- [YOUR INSTRUCTIONS]: Print the data below exactly, but only the lines from the one containing "(exists w, a w) /\" down to the one containing "exist _ (fun", inclusive.

┌─ RECORDS

(* Let $R=F/I$ be a standard algebra, where $F=k\langle x_1,\dots,x_n\rangle$ and $x_1,\dots,x_n$ is a basis of $R_1$. The following are equivalent: (i) $R$ is initially Koszul with Groebner flag $(x_1,\dots,x_n)$; (ii) $R$ is PBW with respect to the degree-lexicographical order with $x_1<\dots<x_n$ (i.e. the reduced Groebner basis $G$ of $I$ with respect to this order consists of quadratic elements), and the set $\mathrm{lm}\,G$ of leading monomials of $G$ has the property: if $x_kx_j\in\mathrm{lm}\,G$ then $x_kx_i\in\mathrm{lm}\,G$ for all $i<j$; (iii) the monomial algebra $R'=F/(\mathrm{lm}\,G)$ (with $G$ the reduced Groebner basis of $I$ for the same order) is initially Koszul with Groebner flag $(x_1,\dots,x_n)$.
   Context: A standard algebra $R$: graded, $R_0=k$, generated by $R_1$; $R_+=\bigoplus_{i>0}R_i$. For a basis $x_1,\dots,x_n$ of $R_1$ let $I_k=x_1R+\dots+x_kR$ ($I_0=0$). A Koszul filtration is a family $\mathbf F$ of right ideals such that: (1) each member is generated by elements of $R_1$; (2) $0,R_+\in\mathbf F$; (3) for every $0\ne I\in\mathbf F$ there exist $J\in\mathbf F$, $J\ne I$, and $x\in R_1$ with $I=J+xR$ and $(J:x)=\{a\in R: xa\in J\}\in\mathbf F$. $R$ is initially Koszul with Groebner flag $(x_1,\dots,x_n)$ if the family $\{I_0,I_1,\dots,I_n\}$ is itself a Koszul filtration; equivalently, for each $1\le k\le n$ the right ideal $\{a\in R: x_ka\in I_{k-1}\}$ equals $I_j$ for some $j$. *)

From HB Require Import structures.
From mathcomp Require Import all_boot all_order all_algebra.
From mathcomp Require Import finmap.
From mathcomp.multinomials Require Import monalg.

Set Implicit Arguments.
Unset Strict Implicit.
Unset Printing Implicit Defensive.

Import Order.TTheory GRing.Theory.
Local Open Scope ring_scope.

(* The free associative algebra F = k<x_1,...,x_n> : the monoid algebra over
   k of the free monoid {fmonom 'I_n} on the letters 'I_n = {0,...,n-1};
   the letter i : 'I_n stands for the variable x_(i+1). *)
Notation freealg k n := {malg k[{fmonom 'I_n}]}.

Section FreeAlgebra.
Variables (k : fieldType) (n : nat).
Local Notation F := (freealg k n).
Local Notation word := (seq 'I_n).

Definition mono (w : word) : F := << FMonom w >>.
Definition var (i : 'I_n) : F := mono [:: i].

Definition is_ideal (I : F -> Prop) : Prop :=
  [/\ I 0,
      (forall a b, I a -> I b -> I (a + b)) &
      (forall a b c, I b -> I (a * b * c))].

Definition hcomp (d : nat) (f : F) : F :=
  \sum_(m <- msupp f | size (m : word) == d) << f@_m *g m >>.

Definition homogeneous_ideal (I : F -> Prop) : Prop :=
  forall f d, I f -> I (hcomp d f).

(* R = F/I is a standard algebra in which x_1,...,x_n is a basis of R_1:
   I is a homogeneous two-sided ideal contained in F_{>=2}. *)
Definition standard_ideal (I : F -> Prop) : Prop :=
  [/\ is_ideal I, homogeneous_ideal I &
      forall f, I f -> forall m, m \in msupp f -> (2 <= size (m : word))%N].

(* preimage in F of the right ideal x_1 R + ... + x_j R of R = F/I *)
Definition flag (I : F -> Prop) (j : nat) (f : F) : Prop :=
  exists g (c : 'I_n -> F),
    I g /\ f = g + \sum_(i < n | (i < j)%N) var i * c i.
(* Assume ${\bf v}$ has the RCI property and is completely irrational. Then $$\Xi_{\bf v}=\bigcup_{J\subset\{1,\dots,d\}}\big\{\mathcal{L}^J_{{\bf v},x}: x\in\mathtt X^J_{\bf v}\big\}\;\cup\;\bigcup_{i=1}^d\Xi_{{\bf v}\setminus i},$$ and consequently $$\Xi_{\bf v}=\bigcup_{\emptyset\neq I\subset\{1,\dots,d\}}\ \bigcup_{J\subset I}\big\{\mathcal{L}^J_{{\bf v}_I,x}: x\in\mathtt X^J_{{\bf v}_I}\big\}\;\cup\;\{\mathbb{Z}^D\}.$$
   Context: Let $D\ge d\ge1$ be integers and ${\bf v}=\{v_1,\dots,v_d\}$ a set of linearly independent unit vectors in $\mathbb{R}^D$. For $I\subset\{1,\dots,d\}$ write ${\bf v}_I=\{v_i\}_{i\in I}$, ${\bf v}\setminus i:={\bf v}_{\{1,\dots,d\}\setminus\{i\}}$, $\mathcal{L}_{{\bf v}_I}:=\{n\in\mathbb{Z}^D: v_i\cdot n\ge0\ \forall i\in I\}$ (so $\mathcal{L}_{{\bf v}_\emptyset}=\mathbb{Z}^D$, $\mathcal{L}_{\bf v}:=\mathcal{L}_{{\bf v}_{\{1,\dots,d\}}}$), $A_{{\bf v}_I}z=(v_i\cdot z)_{i\in I}$, and $\mathcal{X}_{{\bf v}_I}:=\overline{A_{{\bf v}_I}(\mathcal{L}_{{\bf v}_I})}\subset[0,\infty)^I$. Subsets of $\mathbb{Z}^D$ carry the Fell topology (= product topology on $\{0,1\}^{\mathbb{Z}^D}$). $\Xi_{{\bf v}_I}:=\overline{\{\mathcal{L}_{{\bf v}_I}-n: n\in\mathcal{L}_{{\bf v}_I}\}}$, $\Xi_\emptyset=\{\mathbb{Z}^D\}$, $\Xi_{\bf v}:=\Xi_{{\bf v}_{\{1,\dots,d\}}}$. For nonempty $I$, ${\bf v}_I$ is rational (R) if $A_{{\bf v}_I}(\mathcal{L}_{{\bf v}_I})$ is a closed, discrete, finitely generated subsemigroup of $[0,\infty)^I$, and completely irrational (CI) if $\mathcal{X}_{{\bf v}_I}=[0,\infty)^I$; ${\bf v}$ has the RCI property if every ${\bf v}_I$ with $\emptyset\neq I\subsetneq\{1,\dots,d\}$ is R or CI. For $J\subset I$, $x\in\mathbb{R}^I$: $\mathcal{L}^J_{{\bf v}_I,x}:=\{n\in\mathbb{Z}^D: v_k\cdot n+x_k>0\ (k\in J),\ v_k\cdot n+x_k\ge0\ (k\in I\setminus J)\}$; $\mathtt X^\emptyset_{{\bf v}_I}:=\mathcal{X}_{{\bf v}_I}$ and for $J\ne\emptyset$, $\mathtt X^J_{{\bf v}_I}:=\{x\in\mathcal{X}_{{\bf v}_I}:\forall k\in J\ \exists n\in\mathbb{Z}^D,\ x_k=v_k\cdot n\neq0\}$; $\mathtt X^J_{\bf v}$ is the case $I=\{1,\dots,d\}$. *)

From HB Require Import structures.
From mathcomp Require Import all_boot all_order all_algebra.
From mathcomp Require Import all_classical all_reals all_analysis.
Set Implicit Arguments. Unset Strict Implicit. Unset Printing Implicit Defensive.
Import Order.TTheory GRing.Theory Num.Theory.
Import numFieldNormedType.Exports.
Local Open Scope classical_set_scope.
Local Open Scope ring_scope.
Lemma sqr_ratio_sensitivity (a s e c : R) : 0 < a -> `|s| <= a * c -> `|e| <= c ->
  `|(s + e) ^+ 2 / (a + 1) - s ^+ 2 / a| <= 3 * c ^+ 2.
Proof.
move=> a0 hs he; have c0 : 0 <= c by apply: le_trans he.
have aa0 : 0 < a * (a + 1) by rewrite mulr_gt0 //; lra.
have -> : (s + e) ^+ 2 / (a + 1) - s ^+ 2 / a =
          (2 * s * e * a + e ^+ 2 * a - s ^+ 2) / (a * (a + 1)).
  by field; rewrite !gt_eqF //; lra.
rewrite normrM normfV (gtr0_norm aa0) ler_pdivrMr //.
have hsea : `|s * e * a| <= a * c * c * a.
  by rewrite !normrM (gtr0_norm a0) ler_pM2r // ler_pM.
have hs2 : s ^+ 2 <= (a * c) ^+ 2.
  by move: hs; rewrite ler_norml => /andP[? ?]; nra.
have he2 : e ^+ 2 * a <= c ^+ 2 * a.
  by rewrite ler_pM2r //; move: he; rewrite ler_norml => /andP[? ?]; nra.
have e2a0 : 0 <= e ^+ 2 * a by rewrite mulr_ge0 ?sqr_ge0 ?ltW.
have c2a0 : 0 <= c ^+ 2 * a by rewrite mulr_ge0 ?sqr_ge0 ?ltW.
move: hsea; rewrite !ler_norml => /andP[? ?]; apply/andP; split; nra.
Qed.
(* Let $\kappa$ be a regular cardinal and $M=\langle W,S\rangle$ a $\kappa$-downward directed multi-relational Kripke frame. Then $\theta_M:W\to\mathrm{At}(G(M))$, $\theta_M(w)=\{w\}$, is an isomorphism of multi-relational Kripke frames from $M$ to $F(G(M))$.
   Context: A multi-relational Kripke frame is a pair $\langle W,S\rangle$ with $W$ non-empty and $S$ a non-empty set of binary relations on $W$; it is $\kappa$-downward directed if for every $S'\subseteq S$ with $|S'|<\kappa$ there is $R\in S$ with $R\subseteq\bigcap S'$ (with $\bigcap\emptyset=W\times W$). A homomorphism $g:\langle W_1,S_1\rangle\to\langle W_2,S_2\rangle$ is a map $g:W_1\to W_2$ such that: (i) for every $x\in W_1$ and $R_2\in S_2$ there is $R_1\in S_1$ such that for all $y\in W_1$, $xR_1y$ implies $g(x)R_2g(y)$; (ii) for every $x\in W_1$ and $R_1\in S_1$ there is $R_2\in S_2$ such that for all $u\in W_2$, if $g(x)R_2u$ then there exists $y\in W_1$ with $xR_1y$ and $g(y)=u$. An isomorphism is a bijective homomorphism. $G(M)$ is the powerset Boolean algebra $\mathcal P(W)$ with $\Diamond_MX=\{w\mid\forall R\in S\ \exists x\in X\ (wRx)\}$; its atoms are the singletons. For a complete atomic modal algebra $A$, $F(A)=\langle\mathrm{At}(A),\{R(X)\mid X\subseteq A,|X|<\kappa\}\rangle$ with $a\,R(X)\,c\iff a\leq\bigwedge\{\Diamond x\mid x\in X,\ c\leq x\}$ (empty meet $=1$). *)

From Stdlib Require Import Classical.
Set Implicit Arguments.

(* ---------- Cardinals (a cardinal kappa is represented by a type K) ---------- *)

Definition card_le (A B : Type) : Prop := exists f : A -> B, forall x y, f x = f y -> x = y.
Definition card_lt (A B : Type) : Prop := card_le A B /\ ~ card_le B A.

(* K is a regular cardinal: infinite, and a union (disjoint sum) of fewer than
   |K| sets each of size < |K| has size < |K|  (i.e. cf |K| = |K|). *)
Definition regular_cardinal (K : Type) : Prop :=
  card_le nat K /\
  forall (I : Type) (A : I -> Type),
    card_lt I K -> (forall i, card_lt (A i) K) -> card_lt {i : I & A i} K.

Definition rel (W : Type) := W -> W -> Prop.

Definition is_frame (W : Type) (S : rel W -> Prop) : Prop :=
  (exists w : W, True) /\ (exists R, S R).

(* kappa-downward directed, with  /\ emptyset = W x W *)
Definition downward_directed (K : Type) (W : Type) (S : rel W -> Prop) : Prop :=
  forall S' : rel W -> Prop,
    (forall R, S' R -> S R) ->
    card_lt {R : rel W | S' R} K ->
    exists R, S R /\ forall x y, R x y -> forall R', S' R' -> R' x y.

Definition is_hom (W1 : Type) (S1 : rel W1 -> Prop)
                  (W2 : Type) (S2 : rel W2 -> Prop) (g : W1 -> W2) : Prop :=
  (forall (x : W1) (R2 : rel W2), S2 R2 ->
     exists R1, S1 R1 /\ forall y, R1 x y -> R2 (g x) (g y)) /\
  (forall (x : W1) (R1 : rel W1), S1 R1 ->
     exists R2, S2 R2 /\ forall u, R2 (g x) u -> exists y, R1 x y /\ g y = u).

Definition is_iso (W1 : Type) (S1 : rel W1 -> Prop)
                  (W2 : Type) (S2 : rel W2 -> Prop) (g : W1 -> W2) : Prop :=
  is_hom S1 S2 g /\ (forall x y, g x = g y -> x = y) /\ (forall u, exists x, g x = u).

Definition pset (W : Type) := W -> Prop.
Definition subset {W : Type} (a b : pset W) : Prop := forall w, a w -> b w.

Definition Dia {W : Type} (S : rel W -> Prop) (X : pset W) : pset W :=
  fun w => forall R, S R -> exists x, X x /\ R w x.

Definition is_atom {W : Type} (a : pset W) : Prop :=
  (exists w, a w) /\
  forall b : pset W, subset b a -> (forall w, ~ b w) \/ (forall w, b w <-> a w).

Definition At (W : Type) : Type := {a : pset W | is_atom a}.

(* a R(X) c  iff  a <= /\ { Dia x | x in X, c <= x }  (empty meet = W) *)
Definition RX {W : Type} (S : rel W -> Prop) (X : pset W -> Prop) : rel (At W) :=
  fun a c => forall w, proj1_sig a w ->
               forall x, X x -> subset (proj1_sig c) x -> Dia S x w.

Definition FG_rels (K : Type) {W : Type} (S : rel W -> Prop) : rel (At W) -> Prop :=
  fun R => exists X : pset W -> Prop, card_lt {x : pset W | X x} K /\ R = RX S X.

Lemma singleton_atom {W : Type} (w : W) : is_atom (fun v => v = w).
Proof.
  split; [exists w; reflexivity|].
  intros b Hb. destruct (classic (b w)) as [H|H].
  - right. intros v; split; [apply Hb|]. intros ->; exact H.
  - left. intros v Hv. pose proof (Hb v Hv) as E; simpl in E; subst; contradiction.
Qed.

Definition theta {W : Type} (w : W) : At W :=
  exist _ (fun v => v = w) (singleton_atom w).

(* The atoms of the powerset algebra are exactly the singletons, so theta is a
   bijection, and {x} R(X) {y} holds iff every Y in X containing y satisfies
   x \in Dia Y.  Forth: for each Y in X with x \notin Dia Y pick R_Y in S with
   R_Y[x] disjoint from Y; there are fewer than kappa of them, so directedness
   yields R in S below all of them, and R-successors of x satisfy the
   condition.  Back: for R in S the one-element family X = {W \ R[x]} has
   {x} R(X) {y} only for y in R[x]. *)
From Stdlib Require Import Classical IndefiniteDescription
  FunctionalExtensionality PropExtensionality ProofIrrelevance.
Set Implicit Arguments.

Lemma card_le_lt_trans (A B C : Type) : card_le A B -> card_lt B C -> card_lt A C.
Proof.
  intros [f Hf] [[g Hg] HCB]. split.
  - exists (fun a => g (f a)). intros x y e. apply Hf, Hg, e.
  - intros [h Hh]. apply HCB. exists (fun c => f (h c)). intros x y e. apply Hh, Hf, e.
Qed.

Lemma card_le_sig_image (A B : Type) (f : A -> B) (P : B -> Prop) :
  (forall b, P b -> exists a, f a = b) -> card_le {b | P b} A.
Proof.
  intros Himg.
  destruct (functional_choice (fun (b : {b | P b}) a => f a = proj1_sig b))
    as [g Hg].
  { intros [b Pb]. exact (Himg b Pb). }
  exists g. intros [b1 P1] [b2 P2] e.
  pose proof (Hg (exist _ b1 P1)) as E1. pose proof (Hg (exist _ b2 P2)) as E2.
  simpl in E1, E2. rewrite e, E2 in E1. subst b2.
  f_equal. apply proof_irrelevance.
Qed.

Lemma card_le_sig_subrel (A : Type) (P Q : A -> Prop) :
  (forall a, P a -> Q a) -> card_le {a | P a} {a | Q a}.
Proof.
  intros HPQ. exists (fun a => exist _ (proj1_sig a) (HPQ _ (proj2_sig a))).
  intros [a Pa] [b Pb] e. injection e as ->. f_equal. apply proof_irrelevance.
Qed.

Lemma card_lt_subsingleton (A K : Type) :
  card_le nat K -> (forall a b : A, a = b) -> card_lt A K.
Proof.
  intros [n Hn] HA. split.
  - exists (fun _ => n 0). intros a b _. apply HA.
  - intros [h Hh]. assert (E : n 0 = n 1) by apply Hh, HA. discriminate (Hn _ _ E).
Qed.

Section Frame.

Variables (W : Type) (S : rel W -> Prop).

Lemma atom_is_singleton (a : pset W) : is_atom a -> exists w, forall v, a v <-> v = w.
Proof.
  intros [[w Hw] Hmin]. exists w.
  destruct (Hmin (fun v => v = w)) as [Hempty | Heq].
  - intros v ->. exact Hw.
  - destruct (Hempty w eq_refl).
  - intros v. symmetry. apply Heq.
Qed.

Lemma theta_injective (x y : W) : theta x = theta y -> x = y.
Proof.
  intros e. assert (E := f_equal (fun a => proj1_sig a x) e). simpl in E.
  rewrite <- E. reflexivity.
Qed.

Lemma theta_surjective (u : At W) : exists w, theta w = u.
Proof.
  destruct u as [a Ha]. destruct (atom_is_singleton Ha) as [w Hw]. exists w.
  assert (E : (fun v => v = w) = a).
  { apply functional_extensionality. intros v.
    apply propositional_extensionality. symmetry. apply Hw. }
  subst a. unfold theta. f_equal. apply proof_irrelevance.
Qed.

Lemma RX_theta (X : pset W -> Prop) (x y : W) :
  RX S X (theta x) (theta y) <-> (forall Y, X Y -> Y y -> Dia S Y x).
Proof.
  unfold RX; simpl. split.
  - intros H Y HY Yy. apply (H x eq_refl Y HY). intros v ->. exact Yy.
  - intros H w -> Y HY Hsub. apply (H Y HY), Hsub. reflexivity.
Qed.

Lemma not_Dia_disjoint (Y : pset W) (x : W) :
  ~ Dia S Y x -> exists R, S R /\ forall z, R x z -> ~ Y z.
Proof.
  intros HY. apply not_all_ex_not in HY as [R HR].
  apply imply_to_and in HR as [SR HR].
  exists R. split; [exact SR|]. intros z Rxz Yz. apply HR. exists z. split; assumption.
Qed.

Lemma downward_directed_family (K I : Type) (F : I -> rel W) :
  downward_directed K S -> card_lt I K -> (forall i, S (F i)) ->
  exists R, S R /\ forall x y, R x y -> forall i, F i x y.
Proof.
  intros Hdd HI HF.
  destruct (Hdd (fun R => exists i, F i = R)) as [R [SR HR]].
  - intros R [i <-]. apply HF.
  - apply card_le_lt_trans with I; [|exact HI].
    apply card_le_sig_image with F. trivial.
  - exists R. split; [exact SR|]. intros x y Rxy i.
    exact (HR x y Rxy (F i) (ex_intro _ i eq_refl)).
Qed.

Lemma forth_relation (K : Type) (X : pset W -> Prop) (x : W) :
  downward_directed K S -> card_lt {Y | X Y} K ->
  exists R, S R /\ forall y, R x y -> forall Y, X Y -> Y y -> Dia S Y x.
Proof.
  intros Hdd HX.
  set (I := {Y | X Y /\ ~ Dia S Y x}).
  destruct (functional_choice
              (fun (i : I) R => S R /\ forall z, R x z -> ~ proj1_sig i z))
    as [F HF].
  { intros [Y HY]. exact (not_Dia_disjoint (proj2 HY)). }
  destruct (downward_directed_family (K := K) F Hdd) as [R [SR HR]].
  - apply card_le_lt_trans with {Y | X Y}; [|exact HX].
    apply card_le_sig_subrel. tauto.
  - intros i. apply HF.
  - exists R. split; [exact SR|]. intros y Rxy Y HY Yy.
    apply NNPP. intros HnY.
    set (i := exist _ Y (conj HY HnY) : I).
    exact (proj2 (HF i) y (HR x y Rxy i) Yy).
Qed.

Lemma back_relation (R : rel W) (x y : W) :
  S R -> RX S (fun Y => Y = (fun z => ~ R x z)) (theta x) (theta y) -> R x y.
Proof.
  intros SR Hxy. apply NNPP. intros Rxy.
  destruct (proj1 (RX_theta _ x y) Hxy (fun z => ~ R x z) eq_refl Rxy R SR)
    as [z [nRxz Rxz]].
  exact (nRxz Rxz).
Qed.

End Frame.

Theorem theorem9p4 (K : Type) (W : Type) (S : rel W -> Prop) :
  regular_cardinal K ->
  is_frame S ->
  downward_directed K S ->
  is_iso S (FG_rels K S) (@theta W).
Proof.
  intros [Hinf _] _ Hdd.
  split; [split|split].
  - intros x R2 [X [HX ->]].
    destruct (forth_relation X x Hdd HX) as [R [SR HR]].
    exists R. split; [exact SR|].
    intros y Rxy. apply RX_theta, HR, Rxy.
  - intros x R SR.
    set (X := fun Y => Y = (fun z => ~ R x z)).
    exists (RX S X). split.
    + exists X. split; [|reflexivity].
      apply card_lt_subsingleton; [exact Hinf|].
      intros [Y1 H1] [Y2 H2]. unfold X in H1, H2. subst. f_equal; apply proof_irrelevance.
    + intros u Hu. destruct (theta_surjective u) as [y <-].
      exists y. split; [exact (back_relation R SR Hu)|reflexivity].
  - apply theta_injective.
  - apply theta_surjective.
Qed.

└─

- [TASK OUTPUT]:
  (exists w, a w) /\
  forall b : pset W, subset b a -> (forall w, ~ b w) \/ (forall w, b w <-> a w).

Definition At (W : Type) : Type := {a : pset W | is_atom a}.

(* a R(X) c  iff  a <= /\ { Dia x | x in X, c <= x }  (empty meet = W) *)
Definition RX {W : Type} (S : rel W -> Prop) (X : pset W -> Prop) : rel (At W) :=
  fun a c => forall w, proj1_sig a w ->
               forall x, X x -> subset (proj1_sig c) x -> Dia S x w.

Definition FG_rels (K : Type) {W : Type} (S : rel W -> Prop) : rel (At W) -> Prop :=
  fun R => exists X : pset W -> Prop, card_lt {x : pset W | X x} K /\ R = RX S X.

Lemma singleton_atom {W : Type} (w : W) : is_atom (fun v => v = w).
Proof.
  split; [exists w; reflexivity|].
  intros b Hb. destruct (classic (b w)) as [H|H].
  - right. intros v; split; [apply Hb|]. intros ->; exact H.
  - left. intros v Hv. pose proof (Hb v Hv) as E; simpl in E; subst; contradiction.
Qed.

Definition theta {W : Type} (w : W) : At W :=
  exist _ (fun v => v = w) (singleton_atom w).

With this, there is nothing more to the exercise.